Pre-emption right, also known as the right of first refusal, is a contractual right that gives existing shareholders the first opportunity to buy additional shares in a company before they are offered to outside investors. This right is commonly used to prevent unknown shareholders from joining the company. By exercising their pre-emption right, existing shareholders can maintain control of the company and prevent dilution of their ownership. This can increase the value of the company and its shares in the long run, as shareholders’ ownership remains intact and the company’s financial position is strengthened.
Stipulating Pre-emption Rights in the Articles of Association
In order to prevent share transfers that can take place without being declared to the persons who will acquire the shares and without complying with the pre-emption right, shareholders include provisions regarding the pre-emption right in the company’s articles of association. While the shareholder agreement, which includes the pre-emption right, is a contract subject to the Turkish Code of Obligations, provisions regarding pre-emption rights included in the articles of association are not considered to have a corporate nature. In other words, the inclusion of a pre-emption right in the articles of association does not create the possibility of asserting these rights against third parties.
The source of this basic opinion is the absence of a regulation regarding pre-emption rights for joint-stock companies, despite a regulation regarding pre-emption rights for limited companies being included in the Turkish Commercial Code (“TCC“). Therefore, even if agreements creating pre-emption rights regarding share transfers among joint-stock company shareholders are included in the articles of association and announced, these rights cannot be asserted against third parties.
Approval of Share Transfers Made Without Compliance with Pre-emption Rights by the Board of Directors
According to Article 492 of the TCC, “The articles of association may provide that registered shares can only be transferred with the company’s approval.” In such a case, the company’s approval will be necessary for the transfer of shares.

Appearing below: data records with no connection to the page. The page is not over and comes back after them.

(* Let $G$ be a $2$-connected graph with average degree less than $3$ and with at least two vertices of degree $2$. Then $G$ contains an induced subgraph $T$ which is a tree such that every vertex of $T$ has exactly one neighbor in $V(G)\setminus V(T)$.
   Context: All graphs are finite and simple. *)

From mathcomp Require Import all_boot.
Set Implicit Arguments. Unset Strict Implicit. Unset Printing Implicit Defensive.

(* A finite simple graph: vertex type V : finType, adjacency e : rel V,
   assumed symmetric and irreflexive (hypotheses of the theorem). *)

Definition induced_rel (V : finType) (e : rel V) (S : {set V}) : rel V :=
  [rel x y | [&& e x y, x \in S & y \in S]].

Definition connected_on (V : finType) (e : rel V) (S : {set V}) : Prop :=
  forall x y, x \in S -> y \in S -> connect (induced_rel e S) x y.

Definition has_cycle_on (V : finType) (e : rel V) (S : {set V}) : Prop :=
  exists s : seq V, [/\ uniq s, 3 <= size s, all (mem S) s & cycle e s].

Definition induced_tree (V : finType) (e : rel V) (S : {set V}) : Prop :=
  [/\ S != set0, connected_on e S & ~ has_cycle_on e S].

Definition deg (V : finType) (e : rel V) (x : V) : nat := #|[set y | e x y]|.

Definition two_connected (V : finType) (e : rel V) : Prop :=
  2 < #|V| /\ forall X : {set V}, #|X| < 2 -> connected_on e (~: X).

From mathcomp Require Import all_boot zify.
Set Implicit Arguments. Unset Strict Implicit. Unset Printing Implicit Defensive.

In the partnership structure where the pre-emption right exists, there are question marks regarding whether share transfers made without complying with this right should be approved by the board of directors. In some cases, the board of directors rejects share transfers made without complying with the pre-emption right by citing a significant reason specified in the articles of association in accordance with Article 493/1/(a) of the TCC in order to protect the establishment of the right.
In its decision numbered 2020/604 E., 2020/1311, the Istanbul Regional Court of Justice, 12th Civil Division, stated that the board of directors could not refrain from approving the share transfer on the grounds that the pre-emption right specified in the articles of association was not complied with. Therefore, it is evident that a board of directors cannot reject a share transfer that violates the preemptive right specified in the articles of association.
Conclusion: The Importance of Stipulating Pre-emption Rights
When considering the requirement for approval by the board of directors and the fact that a share transfer without compliance with the preemptive right cannot be claimed against third parties, the preemptive rights agreed upon by the shareholders may be violated in practice. The only solution to this situation is a legal amendment, as in some cases, any compensation amount may not be sufficient to cover the long-term damages caused by the alienation of the company structure.
However, in any case, the penalty clauses linked to the violation of the preemptive right in the shareholders’ agreement can be claimed. It should be noted that even in share transfers where a detailed company due diligence is not carried out, the articles of association of the companies are examined. Therefore, it is partly beneficial to include provisions on the preemptive right in the articles of association, even if they cannot be claimed against third parties, in order to remind potential buyers of the existence of this right.
In conclusion, pre-emption rights can add value to your company by preventing unknown shareholders from joining and preserving the company structure. However, due to the limitations mentioned above, it is important to consider the legal implications and potential violations of these rights in practice.